Exercise instructions: Wherever a line in the data holds the word "From", pull that line out.

Source records Block Start

(* Let $(\mathbf{x}_t,\mathbf{z}_t,\mathbf{y}_t)_{t\ge 0}$ be generated by generalized Bregman ADMM (defined in the context) with parameters $\rho>0$, $\tau>0$, $\rho_{\mathbf{x}}\ge 0$, $\rho_{\mathbf{z}}\ge 0$, under the standing assumptions. Then for every $t\ge 0$ and every $\mathbf{x}^*,\mathbf{z}^*$ with $\mathbf{A}\mathbf{x}^*+\mathbf{B}\mathbf{z}^*=\mathbf{c}$ (and with all Bregman divergences below well defined), \begin{align*} &f(\mathbf{x}_{t+1})+g(\mathbf{z}_{t+1})-\big(f(\mathbf{x}^* )+g(\mathbf{z}^* )\big)\\ &\le -\langle \mathbf{y}_t,\mathbf{A}\mathbf{x}_{t+1}+\mathbf{B}\mathbf{z}_{t+1}-\mathbf{c}\rangle-\rho\big(B_\phi(\mathbf{c}-\mathbf{A}\mathbf{x}_{t+1},\mathbf{B}\mathbf{z}_t)+B_\phi(\mathbf{B}\mathbf{z}_{t+1},\mathbf{c}-\mathbf{A}\mathbf{x}_{t+1})\big)\\ &\quad+\rho\big(B_\phi(\mathbf{B}\mathbf{z}^*,\mathbf{B}\mathbf{z}_t)-B_\phi(\mathbf{B}\mathbf{z}^*,\mathbf{B}\mathbf{z}_{t+1})\big)\\ &\quad+\rho_{\mathbf{x}}\big(B_{\varphi_{\mathbf{x}}}(\mathbf{x}^*,\mathbf{x}_t)-B_{\varphi_{\mathbf{x}}}(\mathbf{x}^*,\mathbf{x}_{t+1})-B_{\varphi_{\mathbf{x}}}(\mathbf{x}_{t+1},\mathbf{x}_t)\big)\\ &\quad+\rho_{\mathbf{z}}\big(B_{\varphi_{\mathbf{z}}}(\mathbf{z}^*,\mathbf{z}_t)-B_{\varphi_{\mathbf{z}}}(\mathbf{z}^*,\mathbf{z}_{t+1})-B_{\varphi_{\mathbf{z}}}(\mathbf{z}_{t+1},\mathbf{z}_t)\big). \end{align*}
   Context: Problem: $f:\mathbb{R}^{n_1}\to\mathbb{R}\cup\{+\infty\}$ and $g:\mathbb{R}^{n_2}\to\mathbb{R}\cup\{+\infty\}$ are closed, proper, convex; $\mathbf{A}\in\mathbb{R}^{m\times n_1}$, $\mathbf{B}\in\mathbb{R}^{m\times n_2}$, $\mathbf{c}\in\mathbb{R}^m$; $\mathcal{X}\subseteq\mathbb{R}^{n_1}$, $\mathcal{Z}\subseteq\mathbb{R}^{n_2}$ convex; the problem is $\min f(\mathbf{x})+g(\mathbf{z})$ s.t. $\mathbf{x}\in\mathcal{X},\mathbf{z}\in\mathcal{Z},\mathbf{A}\mathbf{x}+\mathbf{B}\mathbf{z}=\mathbf{c}$. For a continuously differentiable, strictly convex function $\psi$ on (the relative interior of) a convex set, the Bregman divergence is $B_\psi(\mathbf{u},\mathbf{v})=\psi(\mathbf{u})-\psi(\mathbf{v})-\langle\nabla\psi(\mathbf{v}),\mathbf{u}-\mathbf{v}\rangle\ge 0$. Three such functions are fixed: $\phi$ (on a convex subset of $\mathbb{R}^m$), $\varphi_{\mathbf{x}}$ (on $\mathbb{R}^{n_1}$ or a convex subset), $\varphi_{\mathbf{z}}$ (on $\mathbb{R}^{n_2}$ or a convex subset). Generalized Bregman ADMM: given $(\mathbf{x}_0,\mathbf{z}_0,\mathbf{y}_0)$ and parameters $\rho>0,\tau>0,\rho_{\mathbf{x}}\ge0,\rho_{\mathbf{z}}\ge0$, for $t\ge0$: $\mathbf{x}_{t+1}=\arg\min_{\mathbf{x}\in\mathcal{X}} f(\mathbf{x})+\langle\mathbf{y}_t,\mathbf{A}\mathbf{x}+\mathbf{B}\mathbf{z}_t-\mathbf{c}\rangle+\rho B_\phi(\mathbf{c}-\mathbf{A}\mathbf{x},\mathbf{B}\mathbf{z}_t)+\rho_{\mathbf{x}}B_{\varphi_{\mathbf{x}}}(\mathbf{x},\mathbf{x}_t)$; $\mathbf{z}_{t+1}=\arg\min_{\mathbf{z}\in\mathcal{Z}} g(\mathbf{z})+\langle\mathbf{y}_t,\mathbf{A}\mathbf{x}_{t+1}+\mathbf{B}\mathbf{z}-\mathbf{c}\rangle+\rho B_\phi(\mathbf{B}\mathbf{z},\mathbf{c}-\mathbf{A}\mathbf{x}_{t+1})+\rho_{\mathbf{z}}B_{\varphi_{\mathbf{z}}}(\mathbf{z},\mathbf{z}_t)$; $\mathbf{y}_{t+1}=\mathbf{y}_t+\tau(\mathbf{A}\mathbf{x}_{t+1}+\mathbf{B}\mathbf{z}_{t+1}-\mathbf{c})$. Standing assumptions: the minimizers exist; all Bregman divergences are evaluated at points where they are defined (second arguments where the generating function is differentiable); and the minimizers satisfy the first-order optimality conditions $-\mathbf{A}^T\{\mathbf{y}_t+\rho(\nabla\phi(\mathbf{B}\mathbf{z}_t)-\nabla\phi(\mathbf{c}-\mathbf{A}\mathbf{x}_{t+1}))\}-\rho_{\mathbf{x}}(\nabla\varphi_{\mathbf{x}}(\mathbf{x}_{t+1})-\nabla\varphi_{\mathbf{x}}(\mathbf{x}_t))\in\partial f(\mathbf{x}_{t+1})$ and $-\mathbf{B}^T\{\mathbf{y}_t+\rho(\nabla\phi(\mathbf{B}\mathbf{z}_{t+1})-\nabla\phi(\mathbf{c}-\mathbf{A}\mathbf{x}_{t+1}))\}-\rho_{\mathbf{z}}(\nabla\varphi_{\mathbf{z}}(\mathbf{z}_{t+1})-\nabla\varphi_{\mathbf{z}}(\mathbf{z}_t))\in\partial g(\mathbf{z}_{t+1})$ (e.g. the set constraints are absorbed into $f,g$ as indicator functions). *)

From Stdlib Require Import Reals.
From mathcomp Require Import ssreflect ssrfun ssrbool eqtype ssrnat seq choice fintype bigop.
Set Implicit Arguments. Unset Strict Implicit. Unset Printing Implicit Defensive.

Source records Block End

Result of the exercise:
From Stdlib Require Import Reals.
From mathcomp Require Import ssreflect ssrfun ssrbool eqtype ssrnat seq choice fintype bigop.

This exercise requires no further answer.